Gradient Descent Doesn't Know Where the Minimum Is: It Only Knows Which Way Is Down

gradient-descent optimization momentum stochastic-gradient-descent math

Backpropagation tells you the gradient: how much each weight should change to reduce the cost. Gradient Descent is the algorithm that actually uses that gradient to update the weights, and its entire job is to minimize the cost function using exactly two pieces of information: which direction reduces the cost, and how big a step to take in that direction. The step size is the learning rate. Set it too high and you overshoot the minimum, bouncing around instead of settling. Set it too low and convergence crawls.

The three variants differ only in how much data they look at before taking that step.

Batch Gradient Descent computes the gradient using the entire training dataset on every single iteration: $x_{new} = x_{old} - (\eta \times \text{slope of entire data})$ . This gives the most stable, accurate direction, but it's slow to converge and memory-hungry, since every step requires touching every row.
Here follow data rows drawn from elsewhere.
(* Let $p\in(0,1)$ and let $\Phi,\phi$ be the standard normal c.d.f. and p.d.f. For $k\in\mathbb{N}$ let $h_k^{(1)}(\infty)$ be the unique real solution $h$ of $\int_{-\infty}^{\infty}\Phi^k(t+h)\phi(t)\,dt=p$ and let $h_k^{(2)}(\infty)$ be the unique real solution $h$ of $\Big[\int_{-\infty}^{\infty}\Phi(t+h)\phi(t)\,dt\Big]^k=p$. Then, as $k\to\infty$, $h_k^{(2)}(\infty)\sim\sqrt2\,h_k^{(1)}(\infty)\sim2\sqrt{\ln(k)}$.
   Context: $a_k\sim b_k$ means $a_k/b_k\to1$ as $k\to\infty$. These are the analogues, for Student's $t$ with $\nu=\infty$ degrees of freedom (i.e. the standard normal), of the constants of Dudewicz–Dalal's and Rinott's two-stage selection procedures. *)

From Stdlib Require Import Reals.
From Coquelicot Require Import Coquelicot.
Open Scope R_scope.

Definition phi (t : R) : R := exp (- t ^ 2 / 2) / sqrt (2 * PI).

Definition Phi (x : R) : R := RInt_gen phi (Rbar_locally m_infty) (at_point x).

Definition integral_R (f : R -> R) : R :=
  RInt_gen f (Rbar_locally m_infty) (Rbar_locally p_infty).

(** Write G_k(h) = E[Phi(Z + h)^k] and F(h) = E[Phi(Z + h)] for Z standard normal.
    Both are nondecreasing in h, so it suffices to exhibit points where G_k and F^k lie
    above or below p.  For x >= 0 the tail bounds phi(x + 1) <= 1 - Phi(x) <= exp(-x^2/2)
    give 1 - k exp(-x^2/2) <= Phi(x)^k <= exp(-k phi(x + 1)), while G_k(h) lies between
    Phi(h - a)^k (1 - 2 exp(-a^2/2)) and Phi(h + a)^k + exp(1/2 - a); taking
    x^2/2 = ln k +- O(1) yields sqrt 2 h_k^(1) = 2 sqrt(ln k) + O(1).  Similarly
    1 - 2 exp(-h^2/4) <= F(h) <= 1 - phi(h/2 + 1)^2 yields h_k^(2) = 2 sqrt(ln k) + O(1),
    and bounded differences give both ratio limits.
    The upper tail bound, and with it the total mass of phi, comes from Owen's function
    T(x, 1): with P(x) = int_0^x phi, P(x)^2 + 2 T(x, 1) has zero derivative and equals 1/4
    at 0, while 0 <= T(x, 1) <= phi(x) phi(0). *)

From Stdlib Require Import Reals Lra Psatz Classical.
From Coquelicot Require Import Coquelicot.
Open Scope R_scope.

Lemma exp_le_compat x y : x <= y -> exp x <= exp y.
Proof. intros [Hlt | ->]; [apply Rlt_le, exp_increasing |]; lra. Qed.

Lemma exp_opp_lt_inv x : 0 < x -> exp (- x) < / x.
Proof.
  intros Hx. rewrite exp_Ropp. apply Rinv_lt_contravar.
  - apply Rmult_lt_0_compat; [exact Hx | apply exp_pos].
  - pose proof (exp_ineq1_le x). lra.
Qed.

Lemma sqrt_add_le x y : 0 <= x -> 0 <= y -> sqrt (x + y) <= sqrt x + sqrt y.
Proof.
  intros Hx Hy. pose proof (sqrt_pos x). pose proof (sqrt_pos y).
  rewrite <- (sqrt_pow2 (sqrt x + sqrt y)) by lra. apply sqrt_le_1_alt.
  rewrite <- (pow2_sqrt x Hx) at 1. rewrite <- (pow2_sqrt y Hy) at 1. nra.
Qed.

Lemma sqrt_le_sub_add x y : 0 <= y <= x -> sqrt x <= sqrt (x - y) + sqrt y.
Proof. intros Hy. replace x with (x - y + y) at 1 by ring. apply sqrt_add_le; lra. Qed.

Lemma sqrt2_mul_sqrt2 : sqrt 2 * sqrt 2 = 2.
Proof. apply sqrt_sqrt. lra. Qed.

Lemma sqrt2_mul_sqrt_sqr u : 0 <= u -> (sqrt 2 * sqrt u) ^ 2 = 2 * u.
Proof. intros Hu. rewrite Rpow_mult_distr, !pow2_sqrt; lra. Qed.

Lemma one_sub_mul_le_pow (y : R) (k : nat) : y <= 1 -> 1 - INR k * y <= (1 - y) ^ k.
Proof.
  intros Hy. induction k as [|k IH]; [simpl; lra |].
  rewrite S_INR, <- tech_pow_Rmult. pose proof (pos_INR k). assert (0 <= 1 - y) by lra. nra.
Qed.

Lemma pow_le_exp_opp_mul (y : R) (k : nat) : y <= 1 -> (1 - y) ^ k <= exp (- (INR k * y)).
Proof.
  intros Hy. induction k as [|k IH].
  - simpl. rewrite Rmult_0_l, Ropp_0, exp_0. lra.
  - rewrite S_INR, <- tech_pow_Rmult.
    replace (- ((INR k + 1) * y)) with (- y + - (INR k * y)) by ring.
    rewrite exp_plus. apply Rmult_le_compat; [lra | apply pow_le; lra | | exact IH].
    pose proof (exp_ineq1_le (- y)). lra.
Qed.

Lemma ln_INR_ge0 k : (1 <= k)%nat -> 0 <= ln (INR k).
Proof. intros Hk. rewrite <- ln_1. apply Rcomplements.ln_le; [lra | apply (le_INR 1), Hk]. Qed.

Lemma INR_mul_exp_opp_ln_add k c : (1 <= k)%nat -> INR k * exp (- (ln (INR k) + c)) = exp (- c).
Proof.
  intros Hk. assert (Hpos : 0 < INR k) by (apply (lt_INR 0); lia).
  rewrite Ropp_plus_distr, exp_plus, exp_Ropp, exp_ln by exact Hpos. field. lra.
Qed.

Lemma lt_of_nondecreasing (g : R -> R) x y :
  (forall a b, a <= b -> g a <= g b) -> g x < g y -> x < y.
Proof. intros Hg Hxy. destruct (Rlt_or_le x y) as [H | H]; [exact H |]. apply Hg in H. lra. Qed.

Lemma continuous_of_ex_derive (f : R -> R) x : ex_derive f x -> continuous f x.
Proof. apply (@ex_derive_continuous R_AbsRing R_NormedModule). Qed.

Lemma continuous_mult_R (f g : R -> R) x :
  continuous f x -> continuous g x -> continuous (fun t => f t * g t) x.
Proof. apply (@continuous_mult R_UniformSpace R_AbsRing). Qed.

Lemma continuous_shift (f : R -> R) s x : continuous f (x + s) -> continuous (fun t => f (t + s)) x.
Proof.
  intros Hf. apply (continuous_comp (fun t => t + s) f); [| exact Hf].
  apply continuous_of_ex_derive. auto_derive. exact I.
Qed.

Lemma ex_RInt_continuous_R (f : R -> R) a b : (forall x, continuous f x) -> ex_RInt f a b.
Proof. intros Hf. apply (@ex_RInt_continuous R_CompleteNormedModule). intros x _. apply Hf. Qed.

Lemma RInt_ext_R (f g : R -> R) a b :
  (forall x, Rmin a b < x < Rmax a b -> f x = g x) -> RInt f a b = RInt g a b.
Proof. apply RInt_ext. Qed.

Lemma RInt_Chasles_R (f : R -> R) a b c :
  ex_RInt f a b -> ex_RInt f b c -> RInt f a b + RInt f b c = RInt f a c.
Proof. apply (@RInt_Chasles R_CompleteNormedModule). Qed.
Stochastic Gradient Descent goes to the opposite extreme: one training example per iteration. $x_{new} = x_{old} - (\eta \times \text{slope of one row})$ . Convergence is noisier since each step is based on a single, possibly unrepresentative, data point, but each step is cheap and memory usage stays low.

Mini-Batch Gradient Descent splits the difference: a small batch of rows per iteration instead of one or all. It's the compromise that's actually used in practice almost everywhere, because it keeps the stability of batch descent without the memory cost.

Plain gradient descent has a real weakness: it can oscillate badly across steep, narrow valleys in the cost surface. Momentum fixes this by giving the update a memory of past movement, the same way a ball rolling downhill keeps some of its speed instead of resetting at every step:

v_{new} = \gamma \cdot v_{old} + \eta \cdot \nabla J(\theta) \qquad \theta_{new} = \theta_{old} - v_{new}

Nesterov Accelerated Gradient improves on this further by looking ahead before computing the gradient: first estimate where momentum would carry you ( $\theta_{lookahead} = \theta_{old} - \gamma v_{old}$ ), compute the gradient at that future point instead of the current one, then update velocity and parameters using that lookahead gradient. It converges faster than plain momentum precisely because it's reacting to where it's about to be, not where it already was. AdaGrad, Adam, and RMSProp push this idea one step further, adapting the learning rate per parameter instead of using one global $\eta$ , but that's a story for another day.